Task instructions
When you reach the line containing "From mathcomp Require Import all_classical" in the entries below, begin reproducing lines exactly, and stop once the line containing "have K_shift x h : K (shift x h) = K h." is done.

The input START

(* Let $\gamma\in\mathbb N\setminus\{1\}$, $b_1<b_2<\dots<b_\gamma$ real numbers, and $a\in C(\mathbb R,\mathbb R)$ with $a(x)=(\max\{x,0\})^\gamma$ for all $x\in\mathbb R$. Then (i) $(\mathcal R_a(\mathbf I_\gamma))(x)=x^\gamma$ for all $x\in\mathbb R$; (ii) there exist unique $c_0,\dots,c_\gamma\in\mathbb R$ such that for all $k\in\{0,1,\dots,\gamma\}$, $\mathbb 1_{\{\gamma\}}(k)c_0+\sum_{i=1}^\gamma c_i(b_i)^k=\mathbb 1_{\{\gamma-1\}}(k)\gamma^{-1}$; (iii) with these constants $\Psi=\mathbf A_{1,c_0}\bullet\bigl(\bigoplus_{i=1}^\gamma(c_i\circledast(\mathbf I_\gamma\bullet\mathbf A_{1,b_i}))\bigr)\in\mathbf N$ is well defined; (iv) $\mathcal D(\Psi)=(1,2\gamma,1)$; (v) $\mathcal R_a(\Psi)\in C(\mathbb R,\mathbb R)$; and (vi) $(\mathcal R_a(\Psi))(x)=x$ for all $x\in\mathbb R$.
   Context: Artificial neural networks (ANNs). Let $\mathbb N=\{1,2,\dots\}$ and $\mathbf N=\bigcup_{L\in\mathbb N}\bigcup_{l_0,\dots,l_L\in\mathbb N}\prod_{k=1}^L(\mathbb R^{l_k\times l_{k-1}}\times\mathbb R^{l_k})$. For $\Phi=((W_1,B_1),\dots,(W_L,B_L))$ in the $(l_0,\dots,l_L)$ component, $\mathcal L(\Phi)=L$, $\mathcal I(\Phi)=l_0$, $\mathcal O(\Phi)=l_L$, $\mathcal D(\Phi)=(l_0,\dots,l_L)$. For $a\in C(\mathbb R,\mathbb R)$ the realization is $(\mathcal R_a(\Phi))(x_0)=W_Lx_{L-1}+B_L$ with $x_k=\mathfrak M_{a,l_k}(W_kx_{k-1}+B_k)$, $k=1,\dots,L-1$, $\mathfrak M_{a,m}$ applying $a$ componentwise. $\operatorname I_n$ is the identity matrix; $\mathbf A_{W,B}=((W,B))$ (for reals $w,b$, $\mathbf A_{w,b}$ has $1\times1$ weight $w$ and bias $b$). Composition: for $\Phi_1=((W_1,B_1),\dots,(W_L,B_L))$, $\Phi_2=((\mathscr W_1,\mathscr B_1),\dots,(\mathscr W_{\mathfrak L},\mathscr B_{\mathfrak L}))$ with $\mathcal I(\Phi_1)=\mathcal O(\Phi_2)$, $\Phi_1\bullet\Phi_2=((\mathscr W_1,\mathscr B_1),\dots,(\mathscr W_{\mathfrak L-1},\mathscr B_{\mathfrak L-1}),(W_1\mathscr W_{\mathfrak L},W_1\mathscr B_{\mathfrak L}+B_1),(W_2,B_2),\dots,(W_L,B_L))$. $\lambda\circledast\Phi=\mathbf A_{\lambda\operatorname I_{\mathcal O(\Phi)},0}\bullet\Phi$. $\mathbf P_n(\Phi_1,\dots,\Phi_n)$ (equal lengths) has $k$-th layer $(\operatorname{diag}(W_{1,k},\dots,W_{n,k}),(B_{1,k},\dots,B_{n,k}))$. $\mathfrak S_{m,n}=\mathbf A_{(\operatorname I_m\cdots\operatorname I_m),0}$, $\mathfrak T_{m,n}=\mathbf A_{(\operatorname I_m\cdots\operatorname I_m)^\top,0}$ ($n$ blocks). For $\Phi_u,\dots,\Phi_v$ with equal $\mathcal L,\mathcal I,\mathcal O$: $\bigoplus_{k=u}^v\Phi_k=\mathfrak S_{\mathcal O(\Phi_u),v-u+1}\bullet([\mathbf P_{v-u+1}(\Phi_u,\dots,\Phi_v)]\bullet\mathfrak T_{\mathcal I(\Phi_u),v-u+1})$. For $\gamma\in\mathbb N_0$, $\mathbf I_\gamma=\bigl(\bigl(\begin{pmatrix}1\\-1\end{pmatrix},\begin{pmatrix}0\\0\end{pmatrix}\bigr),\bigl(\begin{pmatrix}1&(-1)^\gamma\end{pmatrix},0\bigr)\bigr)\in(\mathbb R^{2\times1}\times\mathbb R^2)\times(\mathbb R^{1\times2}\times\mathbb R^1)$. *)

From HB Require Import structures.
From mathcomp Require Import all_boot all_order all_algebra.
From mathcomp Require Import all_classical all_reals all_analysis.
Set Implicit Arguments. Unset Strict Implicit. Unset Printing Implicit Defensive.
Import Order.TTheory GRing.Theory Num.Theory numFieldNormedType.Exports.
Lemma card_ffun_leq_sum_notin (D : finType) (m : nat) (v : D)
    (K : {ffun D -> 'I_m.+1} -> {set 'I_m.+1}) :
  (forall h h' : {ffun D -> 'I_m.+1}, (forall w, w != v -> h w = h' w) -> K h = K h') ->
  (forall h, K h != [set: 'I_m.+1]) ->
  #|{ffun D -> 'I_m.+1}| <= m.+1 * \sum_(h : {ffun D -> 'I_m.+1}) (h v \notin K h).
Proof.
move=> K_local K_neqT.
(* Shifting the value at v by each x : 'Z_(m+1) leaves K h unchanged and makes
   h v run through all values, in particular through one outside K h. *)
pose shift (x : 'I_m.+1) (h : {ffun D -> 'I_m.+1}) : {ffun D -> 'I_m.+1} :=
  [ffun w => if w == v then (h w + x)%R else h w].
have shift_inj x : injective (shift x).
  move=> h1 h2 /ffunP E; apply/ffunP => w; have := E w; rewrite !ffunE.
  by case: eqP => // _ /addIr.
have K_shift x h : K (shift x h) = K h.
  by apply: K_local => w wv; rewrite ffunE (negbTE wv).
have sum_shift x : \sum_(h : {ffun D -> 'I_m.+1}) (h v \notin K h) =
    \sum_(h : {ffun D -> 'I_m.+1}) (shift x h v \notin K (shift x h)).
  exact: (reindex_inj (shift_inj x)).
have -> : m.+1 * \sum_(h : {ffun D -> 'I_m.+1}) (h v \notin K h) =
    \sum_(x : 'I_m.+1) \sum_(h : {ffun D -> 'I_m.+1}) (shift x h v \notin K (shift x h)).
  by rewrite -(eq_bigr _ (fun x _ => sum_shift x)) sum_nat_const card_ord.
rewrite exchange_big /= -sum1_card; apply: leq_sum => h _.
have /properP [_ [y _ yK]] : K h \proper [set: 'I_m.+1] by rewrite properT.
by rewrite (bigD1 (y - h v)%R) //= K_shift ffunE eqxx addrC subrK yK.
Qed.

Definition nlabels m := #|{ffun 'I_m -> bool}|.

Lemma nlabelsE m : nlabels m = 2 ^ m.
Proof. by rewrite /nlabels card_ffun card_bool card_ord. Qed.

Definition label m (u : 'I_(nlabels m)) : {ffun 'I_m -> bool} := enum_val u.

Lemma label_inj m : injective (@label m).
Proof. exact: enum_val_inj. Qed.

Definition hidden_graph m (h : {ffun 'I_(nlabels m) -> 'I_m}) : rel 'I_(nlabels m) :=
  fun u w => if u < w then label u (h u) != label w (h u)
             else if w < u then label w (h w) != label u (h w) else false.

Lemma hidden_graph_sym m (h : {ffun 'I_(nlabels m) -> 'I_m}) : symmetric (hidden_graph h).
Proof. by move=> u w; rewrite /hidden_graph; case: ltngtP. Qed.

Lemma hidden_graph_irr m (h : {ffun 'I_(nlabels m) -> 'I_m}) : irreflexive (hidden_graph h).
Proof. by move=> u; rewrite /hidden_graph ltnn. Qed.

Definition hidden_instance m (h : {ffun 'I_(nlabels m) -> 'I_m}) t (t_gt0 : 0 < t)
  : instance :=
  @Instance _ _ (hidden_graph_sym h) (hidden_graph_irr h) t t_gt0.

Lemma hidden_graph_nonedge m (h : {ffun 'I_(nlabels m) -> 'I_m}) (u w : 'I_(nlabels m)) :
  u < w -> ~~ hidden_graph h u w -> label u (h u) = label w (h u).
Proof. by rewrite /hidden_graph => ->; move/negbNE/eqP. Qed.

Lemma colorable_hidden_graph m (h : {ffun 'I_(nlabels m) -> 'I_m}) t :
  colorable (hidden_graph h) t #|{: 'I_m * bool * 'I_t}|.
Proof.
apply/existsP; exists [ffun x => enum_rank (h x.1, label x.1 (h x.1), x.2)].
apply/forallP => x; apply/forallP => y; apply/implyP => xy.
rewrite !ffunE; apply/negP => /eqP/enum_rank_inj [h_eq label_eq copy_eq].
case/orP: xy => [/andP [_]|]; first by rewrite copy_eq eqxx.
rewrite /hidden_graph; case: ltngtP => _ //.
- by rewrite label_eq h_eq eqxx.
- by rewrite -label_eq h_eq eqxx.
Qed.

Lemma chi_hidden_instance m (h : {ffun 'I_(nlabels m) -> 'I_m}) t (t_gt0 : 0 < t) :
  inst_chi (hidden_instance h t_gt0) <= m * 2 * t.
Proof.
have := chi_leq_colorable (colorable_hidden_graph h t).
rewrite !card_prod !card_ord card_bool; apply; rewrite leq_mul2r nlabelsE.
by case: m {h} => [|m]; rewrite ?orbT // expnS mulnC leq_mul2l ltn_expl ?orbT.
Qed.

Section OnlineLowerBound.

Variables (A : online_alg) (A_valid : valid_alg A) (m t : nat) (t_gt0 : 0 < t).

Local Notation N := (nlabels m.+1).
Local Notation probes := {ffun 'I_N -> 'I_m.+1}.

Definition coloring (h : probes) : 'I_N * 'I_t -> nat := alg_coloring A (hidden_graph h) t.

Lemma coloring_proper (h : probes) x y :
  copy_adj (hidden_graph h) t x y -> coloring h x <> coloring h y.
Proof. exact: A_valid (hidden_instance h t_gt0) x y. Qed.

Lemma coloring_nonedge (h : probes) u w i j :
  coloring h (u, i) = coloring h (w, j) -> ~~ hidden_graph h u w.
Proof.
move=> same; apply/negP => uw.
by apply: (@coloring_proper h (u, i) (w, j)); rewrite // /copy_adj /= uw orbT.
Qed.

Lemma coloring_local (h h' : probes) (v u : 'I_N) i :
  (forall w : 'I_N, w < v -> h w = h' w) -> u <= v ->
  coloring h (u, i) = coloring h' (u, i).
Proof.
move=> hh' uv; rewrite /coloring /alg_coloring /=; congr A.
apply/ffunP => p; rewrite !ffunE /hidden_graph /=.
have p1u : p.1 <= u := ltn_ord p.1; have p2u : p.2 <= u := ltn_ord p.2.
by case: ltngtP => // lt12; rewrite hh' //= (leq_trans lt12) // (leq_trans _ uv).
Qed.

Definition used_coords (h : probes) (v : 'I_N) (c : nat) : {set 'I_m.+1} :=
  h @: [set u : 'I_N | (u < v) && [exists i, coloring h (u, i) == c]].

Lemma used_coords_local (h h' : probes) (v : 'I_N) c :
  (forall w : 'I_N, w < v -> h w = h' w) -> used_coords h v c = used_coords h' v c.
Proof.
move=> hh'; rewrite /used_coords.
have -> : [set u : 'I_N | (u < v) && [exists i, coloring h (u, i) == c]] =
          [set u : 'I_N | (u < v) && [exists i, coloring h' (u, i) == c]].
  apply/setP => u; rewrite !inE; case uv: (u < v) => //=.
  by apply: eq_existsb => i; rewrite (coloring_local _ hh' (ltnW uv)).
by apply: eq_in_imset => u; rewrite inE => /andP [/hh'].
Qed.

Lemma used_coords_neq_setT (h : probes) (v : 'I_N) i :
  used_coords h v (coloring h (v, i)) != [set: 'I_m.+1].
Proof.
(* Otherwise v agrees everywhere with the latest earlier vertex w of colour c:
   each earlier vertex u of colour c is adjacent to neither v nor w, so both
   agree with u at the coordinate h u. *)
apply/negP => /eqP full; set c := coloring h (v, i) in full.
set S := [set u : 'I_N | (u < v) && [exists j, coloring h (u, j) == c]].
have [u0 u0S] : exists u0, u0 \in S.
  have /imsetP [u uS _] : ord0 \in used_coords h v c by rewrite full inE.
  by exists u.
have [w wS w_last] := @arg_maxnP _ u0 (fun u => u \in S) (fun u : 'I_N => val u) u0S.
move: (wS); rewrite inE => /andP [wv /existsP [j /eqP cw]].
have agree u : u \in S -> label u (h u) = label v (h u) /\ label u (h u) = label w (h u).
  move=> uS; move: (uS); rewrite inE => /andP [uv /existsP [k /eqP cu]]; split.
    exact/(hidden_graph_nonedge uv)/(@coloring_nonedge h u v k i).
  have [-> // | uw] := eqVneq u w.
  have {}uw : u < w by rewrite ltn_neqAle uw; exact: w_last.
  by apply/(hidden_graph_nonedge uw)/(@coloring_nonedge h u w k j); rewrite cu cw.
suff /label_inj wv_eq : label w = label v by rewrite wv_eq ltnn in wv.
apply/ffunP => k; have /imsetP [u uS ->] : k \in used_coords h v c by rewrite full inE.
by have [<- <-] := agree u uS.
Qed.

The input END

Task result
From mathcomp Require Import all_classical all_reals all_analysis.
Set Implicit Arguments. Unset Strict Implicit. Unset Printing Implicit Defensive.
Import Order.TTheory GRing.Theory Num.Theory numFieldNormedType.Exports.
Lemma card_ffun_leq_sum_notin (D : finType) (m : nat) (v : D)
    (K : {ffun D -> 'I_m.+1} -> {set 'I_m.+1}) :
  (forall h h' : {ffun D -> 'I_m.+1}, (forall w, w != v -> h w = h' w) -> K h = K h') ->
  (forall h, K h != [set: 'I_m.+1]) ->
  #|{ffun D -> 'I_m.+1}| <= m.+1 * \sum_(h : {ffun D -> 'I_m.+1}) (h v \notin K h).
Proof.
move=> K_local K_neqT.
(* Shifting the value at v by each x : 'Z_(m+1) leaves K h unchanged and makes
   h v run through all values, in particular through one outside K h. *)
pose shift (x : 'I_m.+1) (h : {ffun D -> 'I_m.+1}) : {ffun D -> 'I_m.+1} :=
  [ffun w => if w == v then (h w + x)%R else h w].
have shift_inj x : injective (shift x).
  move=> h1 h2 /ffunP E; apply/ffunP => w; have := E w; rewrite !ffunE.
  by case: eqP => // _ /addIr.
have K_shift x h : K (shift x h) = K h.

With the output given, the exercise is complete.